*Required work*:
Wherever "have" shows up in the records below, copy the whole line.

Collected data
(* Let $w$ be a word over $\{a^{\pm1},t^{\pm1},x^{\pm1}\}$ with $\sigma_x(w)=0$. Then $w=1$ has a solution in $L_2$ if and only if $\sigma_t(w)=0$ and there exists $\delta\in\mathbb{Z}$ such that $\mathrm{den}(w)_\delta$ divides $\mathrm{num}(w)_\delta$ in $\mathbb{Z}_2[z^{\pm1}]$.
   Context: $\mathbb{Z}_2$ is the field with two elements and $\mathbb{Z}_2[z^{\pm1}]$ the ring of Laurent polynomials over it. The lamplighter group $L_2$ is realized as the set $\mathbb{Z}\times\mathbb{Z}_2[z^{\pm1}]$ with multiplication $(\delta_1,f_1)(\delta_2,f_2)=(\delta_1+\delta_2,\ f_1z^{-\delta_2}+f_2)$, generated by $a=(0,1)$ and $t=(1,0)$. A solution of $w=1$ is an element $g\in L_2$ with $w(a,t,g)=1$, where $w(a,t,g)$ is the image of $w$ under the homomorphism $F(a,t,x)\to L_2$, $a\mapsto a$, $t\mapsto t$, $x\mapsto g$. $\sigma_x(w),\sigma_t(w)$ are the exponent sums of $x$ and $t$ in $w$. For Laurent polynomials $g,h$, ''$g$ divides $h$'' means $h=gq$ for some $q\in\mathbb{Z}_2[z^{\pm1}]$ (so $0$ divides only $0$). A $\delta$-parametric polynomial is a finite sum $\sum_{i=s}^{t} f_i(z)z^{i\delta}$ with $f_i\in\mathbb{Z}_2[z^{\pm1}]$ (formally an element of $\mathbb{Z}_2[z^{\pm1},y^{\pm1}]$ with $y$ standing for $z^\delta$); for an integer $\delta$, its instantiation (subscript $\delta$) is the Laurent polynomial obtained by substituting that integer for $\delta$. For a word $w$, the $\delta$-parametric polynomials $\mathrm{num}(w),\mathrm{den}(w)$ are defined recursively, reading $w$ from right to left: for the empty word both are $0$; if $w'=\ell w$ is obtained by prepending a letter $\ell$ to $w$, and $x_w=\sigma_x(w)$, $t_w=\sigma_t(w)$, then: if $\ell=x$, $\mathrm{den}(w')=\mathrm{den}(w)+z^{-t_w-x_w\delta}$ and $\mathrm{num}(w')=\mathrm{num}(w)$; if $\ell=x^{-1}$, $\mathrm{den}(w')=\mathrm{den}(w)+z^{-t_w-(x_w-1)\delta}$ and $\mathrm{num}(w')=\mathrm{num}(w)$; if $\ell=a^{\pm1}$, $\mathrm{num}(w')=\mathrm{num}(w)+z^{-t_w-x_w\delta}$ and $\mathrm{den}(w')=\mathrm{den}(w)$; if $\ell=t^{\pm1}$, both are unchanged. *)

From mathcomp Require Import all_boot all_order all_algebra.
Set Implicit Arguments. Unset Strict Implicit. Unset Printing Implicit Defensive.
Import Order.TTheory GRing.Theory Num.Theory.
Local Open Scope ring_scope.

(* Laurent polynomials over Z_2: coefficient functions int -> 'F_2
   (coefficient of z^n), required to be finitely supported where relevant. *)
Definition laurent := int -> 'F_2.

Definition finsupp (f : laurent) : Prop :=
  exists N : nat, forall n : int, (N < `|n|)%N -> f n = 0.

Definition lzero : laurent := fun _ => 0.

(* g divides h: h = g * q for some Laurent polynomial q; the product is
   the convolution, computed over a window [-N, N] containing both supports. *)
Definition ldvd (g h : laurent) : Prop :=
  exists (q : laurent) (N : nat),
    (forall n : int, (N < `|n|)%N -> g n = 0) /\
    (forall n : int, (N < `|n|)%N -> q n = 0) /\
    (forall n : int,
        h n = \sum_(0 <= k < (N + N).+1)
                 g (k%:Z - N%:Z) * q (n - (k%:Z - N%:Z))).

(* Lamplighter group L_2 = Z x Z_2[z^{+-1}], (d1,f1)(d2,f2) = (d1+d2, f1 z^{-d2} + f2). *)
Definition L2 := (int * laurent)%type.

Definition L2mul (g h : L2) : L2 :=
  (g.1 + h.1, fun n => g.2 (n + h.1) + h.2 n).
Definition L2inv (g : L2) : L2 := (- g.1, fun n => g.2 (n - g.1)).
Definition L2one : L2 := (0, lzero).
Definition L2a : L2 := (0, fun n => (n == 0)%:R).
Definition L2t : L2 := (1, lzero).

Inductive letter := LA | LAinv | LT | LTinv | LX | LXinv.
Definition word := seq letter.

Definition letter_img (g : L2) (l : letter) : L2 :=
  match l with
  | LA => L2a | LAinv => L2inv L2a
  | LT => L2t | LTinv => L2inv L2t
  | LX => g | LXinv => L2inv g
  end.

Definition eval_word (w : word) (g : L2) : L2 :=
  foldr (fun l acc => L2mul (letter_img g l) acc) L2one w.

Definition sigma_x (w : word) : int :=
  foldr (fun l s => match l with LX => s + 1 | LXinv => s - 1 | _ => s end) 0 w.
Definition sigma_t (w : word) : int :=
  foldr (fun l s => match l with LT => s + 1 | LTinv => s - 1 | _ => s end) 0 w.

(* delta-parametric polynomials: formal sums of monomials z^e y^c (y = z^delta),
   stored as the list of pairs (e, c); repeated monomials add mod 2. *)
Definition dpoly := seq (int * int).

Definition inst (delta : int) (P : dpoly) : laurent :=
  fun n => \sum_(m <- P) ((m.1 + m.2 * delta == n)%:R : 'F_2).

Fixpoint num (w : word) : dpoly :=
  match w with
  | [::] => [::]
  | l :: w' =>
      match l with
      | LA | LAinv => (- sigma_t w', - sigma_x w') :: num w'
      | _ => num w'
      end
  end.

Fixpoint den (w : word) : dpoly :=
  match w with
  | [::] => [::]
  | l :: w' =>
      match l with
      | LX => (- sigma_t w', - sigma_x w') :: den w'
      | LXinv => (- sigma_t w', - (sigma_x w' - 1)) :: den w'
      | _ => den w'
      end
  end.

From mathcomp Require Import all_boot all_order all_algebra zify.
From Stdlib Require Import FunctionalExtensionality.
Import GRing.Theory Num.Theory.

Set Implicit Arguments.
Unset Strict Implicit.
Local Open Scope ring_scope.

(* Substituting x := (δ, f) gives w(a, t, g) = (σ_t(w) + σ_x(w) δ, num(w)_δ + den(w)_δ f):
   each letter x^{±1} contributes a shifted copy of f, each a^{±1} a monomial.
   When σ_x(w) = 0 this is the identity iff σ_t(w) = 0 and, the characteristic
   being 2, num(w)_δ = den(w)_δ f, i.e. den(w)_δ divides num(w)_δ with quotient f. *)

Definition dmon_exp (d : int) (m : int * int) : int := m.1 + m.2 * d.

Definition inst_mul (d : int) (P : dpoly) (f : laurent) : laurent :=
  fun n => \sum_(m <- P) f (n - dmon_exp d m).

Lemma eval_word_fst w d f : (eval_word w (d, f)).1 = sigma_t w + sigma_x w * d.
Proof.
elim: w => [|l w IH] /=; first by rewrite mul0r addr0.
by rewrite IH; case: l => /=; rewrite ?mulrDl; lia.
Qed.

Lemma eval_word_snd w d f :
  (eval_word w (d, f)).2 =1 inst d (num w) \+ inst_mul d (den w) f.
Proof.
elim: w => [|l w IH] n /=; first by rewrite /inst /inst_mul !big_nil addr0.
rewrite IH eval_word_fst.
case: l; rewrite /= /inst /inst_mul /= ?big_cons /dmon_exp /= ?add0r //.
- by rewrite addrA; congr (_%:R + _ + _); apply/eqP/eqP; lia.
- by rewrite addrA; congr (_%:R + _ + _); apply/eqP/eqP; lia.
- by rewrite addrCA; congr (_ + (f _ + _)); lia.
- by rewrite addrCA; congr (_ + (f _ + _)); lia.
Qed.

Lemma eval_word_eq1 w d f : sigma_x w = 0 ->
  eval_word w (d, f) = L2one <->
  sigma_t w = 0 /\ inst d (num w) =1 inst_mul d (den w) f.
Proof.
move=> Hx; rewrite [eval_word w _]surjective_pairing eval_word_fst Hx mul0r addr0.
have char2 : (2%N \in [pchar 'F_2]) by exact: pchar_Fp.
split=> [[-> E2] | [-> E2]].
- split=> // n; move/(congr1 (fun h : laurent => h n)): E2; rewrite eval_word_snd.
  by move/eqP; rewrite /lzero addr_eq0 (oppr_pchar2 char2) => /eqP.
- congr (_, _); apply: functional_extensionality => n.
  by rewrite eval_word_snd /= E2 addrr_pchar2.
Qed.

Section Windows.

Variable R : pzSemiRingType.

Lemma sum_window_indicator (F : int -> R) (e : int) (N M : nat) :
  \sum_(0 <= k < M) (e == k%:Z - N%:Z)%:R * F (k%:Z - N%:Z) =
  if (0 <= e + N%:Z) && (e + N%:Z < M%:Z) then F e else 0.
Proof.
elim: M => [|M IH]; first by rewrite big_geq //; case: ifP => //; lia.
rewrite big_nat_recr //= IH.
have [->|neq] := eqVneq e (M%:Z - N%:Z).
  rewrite mul1r.
  have -> : (0 <= M%:Z - N%:Z + N%:Z) && (M%:Z - N%:Z + N%:Z < M%:Z) = false by lia.
  have -> : (0 <= M%:Z - N%:Z + N%:Z) && (M%:Z - N%:Z + N%:Z < M.+1%:Z) by lia.
  by rewrite add0r.
rewrite mul0r addr0; congr (if _ then _ else _).
by apply/idP/idP; lia.
Qed.

Lemma sum_window_widen (G : int -> R) (N i : nat) :
  (forall j : int, (N < `|j|)%N -> G j = 0) ->
  \sum_(0 <= k < (N + N).+1) G (k%:Z - N%:Z) =
  \sum_(0 <= k < ((N + i) + (N + i)).+1) G (k%:Z - (N + i)%:Z).
Proof.
move=> G0.
rewrite [RHS](@big_cat_nat _ _ _ i) //=; last by lia.
rewrite [X in _ = _ + X](@big_cat_nat _ _ _ (i + (N + N).+1)) //=; try lia.
rewrite [X in _ = X + _]big_nat [X in _ = X + _]big1 ?add0r;
  last by move=> k /andP [_ ?]; apply: G0; lia.
rewrite [X in _ = _ + X]big_nat [X in _ = _ + X]big1 ?addr0;
  last by move=> k /andP [? ?]; apply: G0; lia.
rewrite (big_addn 0 _ i).
have -> : (i + (N + N).+1 - i = (N + N).+1)%N by lia.
by apply: eq_bigr => k _; congr G; lia.
Qed.

End Windows.

Lemma dmon_exp_bounded d (P : dpoly) :
  exists B : nat, forall m, m \in P -> (`|dmon_exp d m| <= B)%N.
Proof.
elim: P => [|m P [B HB]]; first by exists 0%N.
by exists (maxn `|dmon_exp d m| B) => m'; rewrite inE => /orP [/eqP ->|/HB]; lia.
Qed.

Section Instantiation.

Variables (d : int) (P : dpoly) (B : nat).
Hypothesis P_bounded : forall m, m \in P -> (`|dmon_exp d m| <= B)%N.

Lemma inst_out_of_bound n : (B < `|n|)%N -> inst d P n = 0.
Proof.
move=> Hn; rewrite /inst big_seq big1 // => m /P_bounded Hm.
have -> : (m.1 + m.2 * d == n) = false.
  by apply/negbTE/eqP => E; move: Hm; rewrite /dmon_exp E; lia.
by [].
Qed.

Lemma window_conv_inst (N : nat) f n : (B <= N)%N ->
  \sum_(0 <= k < (N + N).+1) inst d P (k%:Z - N%:Z) * f (n - (k%:Z - N%:Z)) =
  inst_mul d P f n.
Proof.
move=> BN; rewrite /inst /inst_mul.
under eq_bigr do rewrite big_distrl /=.
rewrite exchange_big /= big_seq [RHS]big_seq; apply: eq_bigr => m /P_bounded Hm.
rewrite (sum_window_indicator (fun j => f (n - j))).
by have -> : (0 <= dmon_exp d m + N%:Z) && (dmon_exp d m + N%:Z < (N + N).+1%:Z) by lia.
Qed.

End Instantiation.

Lemma ldvd_instP d (P : dpoly) (h : laurent) :
  ldvd (inst d P) h <-> exists2 q : laurent, finsupp q & h =1 inst_mul d P q.
Proof.
have [B HB] := dmon_exp_bounded d P.
split=> [[q [N [P0 [q0 Eh]]]] | [q [N q0] Eh]].
- exists q; first by exists N.
  move=> n; rewrite Eh (@sum_window_widen _ (fun j => inst d P j * q (n - j)) N B).
    by rewrite (window_conv_inst HB) //; lia.
  by move=> j /P0 ->; rewrite mul0r.
- exists q, (maxn N B); split; [|split].
  + by move=> n Hn; apply: (inst_out_of_bound HB); lia.
  + by move=> n Hn; apply: q0; lia.
  + by move=> n; rewrite Eh (window_conv_inst HB) //; lia.
Qed.

Theorem mainTheorem7 (w : word) :
  sigma_x w = 0 ->
  ((exists g : L2, finsupp g.2 /\ eval_word w g = L2one) <->
   (sigma_t w = 0 /\ exists delta : int, ldvd (inst delta (den w)) (inst delta (num w)))).
Proof.
move=> Hx; split.
- move=> [[d f] [/= f_fin /(eval_word_eq1 d f Hx) [Ht Ediv]]].
  by split=> //; exists d; apply/ldvd_instP; exists f.
- move=> [Ht [d /ldvd_instP [f f_fin Ediv]]].
  by exists (d, f); split=> //; apply/(eval_word_eq1 d f Hx).
Qed.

*Answer to this exercise*:
have char2 : (2%N \in [pchar 'F_2]) by exact: pchar_Fp.
have [->|neq] := eqVneq e (M%:Z - N%:Z).
  have -> : (0 <= M%:Z - N%:Z + N%:Z) && (M%:Z - N%:Z + N%:Z < M%:Z) = false by lia.
  have -> : (0 <= M%:Z - N%:Z + N%:Z) && (M%:Z - N%:Z + N%:Z < M.+1%:Z) by lia.
have -> : (i + (N + N).+1 - i = (N + N).+1)%N by lia.
have -> : (m.1 + m.2 * d == n) = false.
by have -> : (0 <= dmon_exp d m + N%:Z) && (dmon_exp d m + N%:Z < (N + N).+1%:Z) by lia.
have [B HB] := dmon_exp_bounded d P.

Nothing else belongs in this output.